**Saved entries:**
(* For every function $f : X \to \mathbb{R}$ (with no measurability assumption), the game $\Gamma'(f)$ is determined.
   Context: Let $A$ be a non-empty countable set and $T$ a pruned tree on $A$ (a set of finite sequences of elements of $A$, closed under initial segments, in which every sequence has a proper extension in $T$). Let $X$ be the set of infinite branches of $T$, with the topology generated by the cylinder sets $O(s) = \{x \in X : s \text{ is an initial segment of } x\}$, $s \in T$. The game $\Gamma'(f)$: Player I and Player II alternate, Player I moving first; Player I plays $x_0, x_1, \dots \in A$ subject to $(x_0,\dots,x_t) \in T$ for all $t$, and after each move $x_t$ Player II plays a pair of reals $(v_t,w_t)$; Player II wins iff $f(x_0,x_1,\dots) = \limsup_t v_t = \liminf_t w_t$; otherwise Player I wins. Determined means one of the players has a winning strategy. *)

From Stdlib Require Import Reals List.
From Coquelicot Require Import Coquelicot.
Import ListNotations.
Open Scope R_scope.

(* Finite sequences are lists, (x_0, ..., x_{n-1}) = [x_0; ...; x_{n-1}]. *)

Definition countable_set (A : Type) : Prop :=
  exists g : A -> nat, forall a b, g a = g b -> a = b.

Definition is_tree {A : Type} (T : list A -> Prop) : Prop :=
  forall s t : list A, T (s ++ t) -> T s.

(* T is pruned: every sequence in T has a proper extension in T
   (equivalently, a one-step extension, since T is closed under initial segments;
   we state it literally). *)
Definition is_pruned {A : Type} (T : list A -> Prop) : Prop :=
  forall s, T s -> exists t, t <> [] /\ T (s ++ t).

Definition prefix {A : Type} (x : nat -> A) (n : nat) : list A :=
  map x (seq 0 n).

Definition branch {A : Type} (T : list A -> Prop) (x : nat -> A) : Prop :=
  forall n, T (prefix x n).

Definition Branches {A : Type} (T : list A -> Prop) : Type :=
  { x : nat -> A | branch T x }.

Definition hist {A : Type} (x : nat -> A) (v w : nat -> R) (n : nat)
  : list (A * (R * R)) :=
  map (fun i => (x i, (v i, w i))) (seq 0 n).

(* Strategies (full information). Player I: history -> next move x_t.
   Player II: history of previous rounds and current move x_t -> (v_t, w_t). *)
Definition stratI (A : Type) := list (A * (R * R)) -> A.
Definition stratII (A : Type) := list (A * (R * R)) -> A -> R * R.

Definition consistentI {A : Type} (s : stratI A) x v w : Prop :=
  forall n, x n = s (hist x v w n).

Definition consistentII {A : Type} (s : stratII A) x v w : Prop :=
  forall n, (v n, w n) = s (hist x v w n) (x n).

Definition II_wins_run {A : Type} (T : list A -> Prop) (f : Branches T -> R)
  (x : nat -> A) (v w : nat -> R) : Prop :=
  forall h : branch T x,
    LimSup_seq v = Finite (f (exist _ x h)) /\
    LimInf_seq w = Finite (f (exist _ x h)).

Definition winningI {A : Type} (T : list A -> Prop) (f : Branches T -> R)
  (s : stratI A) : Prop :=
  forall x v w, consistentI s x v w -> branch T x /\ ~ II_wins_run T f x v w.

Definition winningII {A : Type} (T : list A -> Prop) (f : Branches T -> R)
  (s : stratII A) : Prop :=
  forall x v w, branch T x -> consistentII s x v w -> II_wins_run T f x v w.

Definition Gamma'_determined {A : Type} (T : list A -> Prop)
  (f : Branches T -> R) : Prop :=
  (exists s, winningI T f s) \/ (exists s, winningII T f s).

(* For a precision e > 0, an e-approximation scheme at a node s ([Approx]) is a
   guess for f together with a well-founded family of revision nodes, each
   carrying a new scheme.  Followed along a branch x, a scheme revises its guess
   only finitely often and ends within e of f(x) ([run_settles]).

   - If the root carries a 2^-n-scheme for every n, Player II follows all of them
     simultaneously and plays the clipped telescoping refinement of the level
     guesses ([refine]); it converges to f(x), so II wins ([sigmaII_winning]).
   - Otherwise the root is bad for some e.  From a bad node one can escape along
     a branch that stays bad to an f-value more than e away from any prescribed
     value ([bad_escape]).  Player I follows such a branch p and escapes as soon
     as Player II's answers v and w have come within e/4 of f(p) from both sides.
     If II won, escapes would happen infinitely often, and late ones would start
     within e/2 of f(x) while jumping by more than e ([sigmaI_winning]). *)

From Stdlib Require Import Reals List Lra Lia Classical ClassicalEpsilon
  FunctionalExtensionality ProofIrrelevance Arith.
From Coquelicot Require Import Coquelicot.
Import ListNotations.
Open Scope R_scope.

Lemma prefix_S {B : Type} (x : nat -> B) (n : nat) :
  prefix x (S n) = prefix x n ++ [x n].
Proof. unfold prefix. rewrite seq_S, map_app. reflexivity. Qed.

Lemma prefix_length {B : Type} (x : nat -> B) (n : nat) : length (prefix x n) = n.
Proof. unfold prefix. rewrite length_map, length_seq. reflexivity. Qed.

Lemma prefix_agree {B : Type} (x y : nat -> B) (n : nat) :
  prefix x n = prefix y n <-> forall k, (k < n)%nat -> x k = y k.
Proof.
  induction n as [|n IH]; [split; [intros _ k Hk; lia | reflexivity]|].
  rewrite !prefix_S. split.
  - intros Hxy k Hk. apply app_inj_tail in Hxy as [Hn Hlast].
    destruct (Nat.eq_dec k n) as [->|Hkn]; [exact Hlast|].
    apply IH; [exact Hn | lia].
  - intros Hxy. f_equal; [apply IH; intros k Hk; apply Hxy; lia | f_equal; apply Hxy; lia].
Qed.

--

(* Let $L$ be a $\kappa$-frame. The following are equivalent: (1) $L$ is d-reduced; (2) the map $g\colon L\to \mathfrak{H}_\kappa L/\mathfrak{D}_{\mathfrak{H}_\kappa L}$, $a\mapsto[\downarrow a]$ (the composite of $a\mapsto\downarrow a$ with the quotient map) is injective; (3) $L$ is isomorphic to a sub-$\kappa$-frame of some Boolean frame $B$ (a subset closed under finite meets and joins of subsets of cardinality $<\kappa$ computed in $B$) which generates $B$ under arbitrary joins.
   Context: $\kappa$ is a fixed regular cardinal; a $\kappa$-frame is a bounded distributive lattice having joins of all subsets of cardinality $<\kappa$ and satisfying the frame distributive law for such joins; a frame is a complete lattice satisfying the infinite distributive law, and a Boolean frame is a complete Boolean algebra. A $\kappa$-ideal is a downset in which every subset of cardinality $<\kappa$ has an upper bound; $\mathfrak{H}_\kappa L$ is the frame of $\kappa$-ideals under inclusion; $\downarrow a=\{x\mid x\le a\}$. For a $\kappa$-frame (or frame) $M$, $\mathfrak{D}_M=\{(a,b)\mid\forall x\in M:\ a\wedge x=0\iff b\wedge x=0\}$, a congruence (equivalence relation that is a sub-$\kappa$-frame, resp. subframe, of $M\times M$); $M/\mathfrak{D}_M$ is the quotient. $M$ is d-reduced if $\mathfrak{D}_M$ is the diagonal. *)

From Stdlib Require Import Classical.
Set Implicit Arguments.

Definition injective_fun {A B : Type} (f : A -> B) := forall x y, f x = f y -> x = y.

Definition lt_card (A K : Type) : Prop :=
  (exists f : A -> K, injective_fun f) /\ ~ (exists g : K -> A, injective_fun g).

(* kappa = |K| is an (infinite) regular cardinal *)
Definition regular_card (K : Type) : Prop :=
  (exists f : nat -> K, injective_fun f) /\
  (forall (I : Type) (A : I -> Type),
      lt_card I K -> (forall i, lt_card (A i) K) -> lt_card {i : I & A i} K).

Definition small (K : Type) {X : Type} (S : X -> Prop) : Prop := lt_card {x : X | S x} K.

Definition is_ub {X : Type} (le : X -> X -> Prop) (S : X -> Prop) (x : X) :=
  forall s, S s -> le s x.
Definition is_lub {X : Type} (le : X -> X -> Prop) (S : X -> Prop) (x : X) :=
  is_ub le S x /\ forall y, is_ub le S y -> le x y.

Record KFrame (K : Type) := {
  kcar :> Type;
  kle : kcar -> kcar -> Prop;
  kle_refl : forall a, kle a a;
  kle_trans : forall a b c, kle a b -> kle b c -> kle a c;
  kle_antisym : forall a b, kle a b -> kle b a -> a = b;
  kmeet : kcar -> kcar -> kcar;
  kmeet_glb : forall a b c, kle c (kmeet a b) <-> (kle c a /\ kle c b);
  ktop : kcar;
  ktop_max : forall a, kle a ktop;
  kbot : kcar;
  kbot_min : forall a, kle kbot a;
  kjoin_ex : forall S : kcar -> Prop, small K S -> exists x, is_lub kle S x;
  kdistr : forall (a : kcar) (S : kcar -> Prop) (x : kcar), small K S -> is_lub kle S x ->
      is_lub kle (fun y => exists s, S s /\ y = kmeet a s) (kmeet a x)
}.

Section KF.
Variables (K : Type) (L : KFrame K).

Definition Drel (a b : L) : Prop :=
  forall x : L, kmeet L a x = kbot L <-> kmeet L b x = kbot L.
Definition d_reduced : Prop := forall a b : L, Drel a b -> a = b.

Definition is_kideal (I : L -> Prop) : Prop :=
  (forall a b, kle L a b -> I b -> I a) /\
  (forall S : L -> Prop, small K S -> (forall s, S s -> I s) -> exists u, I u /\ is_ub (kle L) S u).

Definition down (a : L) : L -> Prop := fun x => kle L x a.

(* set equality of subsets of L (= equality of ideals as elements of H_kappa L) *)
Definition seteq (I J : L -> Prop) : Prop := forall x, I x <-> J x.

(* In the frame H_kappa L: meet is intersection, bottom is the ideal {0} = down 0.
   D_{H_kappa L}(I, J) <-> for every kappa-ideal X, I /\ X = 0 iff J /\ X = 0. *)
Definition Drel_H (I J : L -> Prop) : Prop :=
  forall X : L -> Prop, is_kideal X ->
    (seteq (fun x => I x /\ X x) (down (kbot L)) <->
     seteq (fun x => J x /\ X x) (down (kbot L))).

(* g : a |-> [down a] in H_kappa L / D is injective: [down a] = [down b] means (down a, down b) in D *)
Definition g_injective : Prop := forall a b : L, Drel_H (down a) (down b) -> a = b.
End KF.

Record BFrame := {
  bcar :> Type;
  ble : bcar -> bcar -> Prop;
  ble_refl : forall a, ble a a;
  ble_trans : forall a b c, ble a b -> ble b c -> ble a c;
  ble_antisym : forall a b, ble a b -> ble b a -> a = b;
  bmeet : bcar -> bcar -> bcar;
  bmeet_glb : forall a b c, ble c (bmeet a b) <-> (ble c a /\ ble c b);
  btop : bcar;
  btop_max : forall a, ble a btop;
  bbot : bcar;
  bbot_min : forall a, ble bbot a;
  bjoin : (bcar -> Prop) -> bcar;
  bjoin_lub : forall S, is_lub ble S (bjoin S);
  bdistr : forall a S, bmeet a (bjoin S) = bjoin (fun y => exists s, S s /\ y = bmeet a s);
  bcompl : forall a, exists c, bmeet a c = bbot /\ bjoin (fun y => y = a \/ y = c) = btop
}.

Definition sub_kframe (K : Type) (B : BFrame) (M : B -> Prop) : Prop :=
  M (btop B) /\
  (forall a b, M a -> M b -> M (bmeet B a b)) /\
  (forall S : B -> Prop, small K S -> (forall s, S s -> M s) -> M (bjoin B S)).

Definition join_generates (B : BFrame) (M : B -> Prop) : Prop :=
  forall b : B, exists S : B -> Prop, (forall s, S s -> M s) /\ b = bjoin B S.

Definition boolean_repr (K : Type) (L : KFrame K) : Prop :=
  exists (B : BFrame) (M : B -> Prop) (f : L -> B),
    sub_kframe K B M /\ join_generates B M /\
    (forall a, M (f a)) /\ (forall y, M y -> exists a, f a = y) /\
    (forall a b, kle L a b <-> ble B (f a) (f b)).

**WHAT TO PRODUCE:** All that should be written out is the stretch of lines above between the one holding "Definition Drel_H (I" and the one holding "(forall a b, kle L a b <->", inclusive, exactly as given.

**PROBLEM SOLUTION:**
Definition Drel_H (I J : L -> Prop) : Prop :=
  forall X : L -> Prop, is_kideal X ->
    (seteq (fun x => I x /\ X x) (down (kbot L)) <->
     seteq (fun x => J x /\ X x) (down (kbot L))).

(* g : a |-> [down a] in H_kappa L / D is injective: [down a] = [down b] means (down a, down b) in D *)
Definition g_injective : Prop := forall a b : L, Drel_H (down a) (down b) -> a = b.
End KF.

Record BFrame := {
  bcar :> Type;
  ble : bcar -> bcar -> Prop;
  ble_refl : forall a, ble a a;
  ble_trans : forall a b c, ble a b -> ble b c -> ble a c;
  ble_antisym : forall a b, ble a b -> ble b a -> a = b;
  bmeet : bcar -> bcar -> bcar;
  bmeet_glb : forall a b c, ble c (bmeet a b) <-> (ble c a /\ ble c b);
  btop : bcar;
  btop_max : forall a, ble a btop;
  bbot : bcar;
  bbot_min : forall a, ble bbot a;
  bjoin : (bcar -> Prop) -> bcar;
  bjoin_lub : forall S, is_lub ble S (bjoin S);
  bdistr : forall a S, bmeet a (bjoin S) = bjoin (fun y => exists s, S s /\ y = bmeet a s);
  bcompl : forall a, exists c, bmeet a c = bbot /\ bjoin (fun y => y = a \/ y = c) = btop
}.

Definition sub_kframe (K : Type) (B : BFrame) (M : B -> Prop) : Prop :=
  M (btop B) /\
  (forall a b, M a -> M b -> M (bmeet B a b)) /\
  (forall S : B -> Prop, small K S -> (forall s, S s -> M s) -> M (bjoin B S)).

Definition join_generates (B : BFrame) (M : B -> Prop) : Prop :=
  forall b : B, exists S : B -> Prop, (forall s, S s -> M s) /\ b = bjoin B S.

Definition boolean_repr (K : Type) (L : KFrame K) : Prop :=
  exists (B : BFrame) (M : B -> Prop) (f : L -> B),
    sub_kframe K B M /\ join_generates B M /\
    (forall a, M (f a)) /\ (forall y, M y -> exists a, f a = y) /\
    (forall a b, kle L a b <-> ble B (f a) (f b)).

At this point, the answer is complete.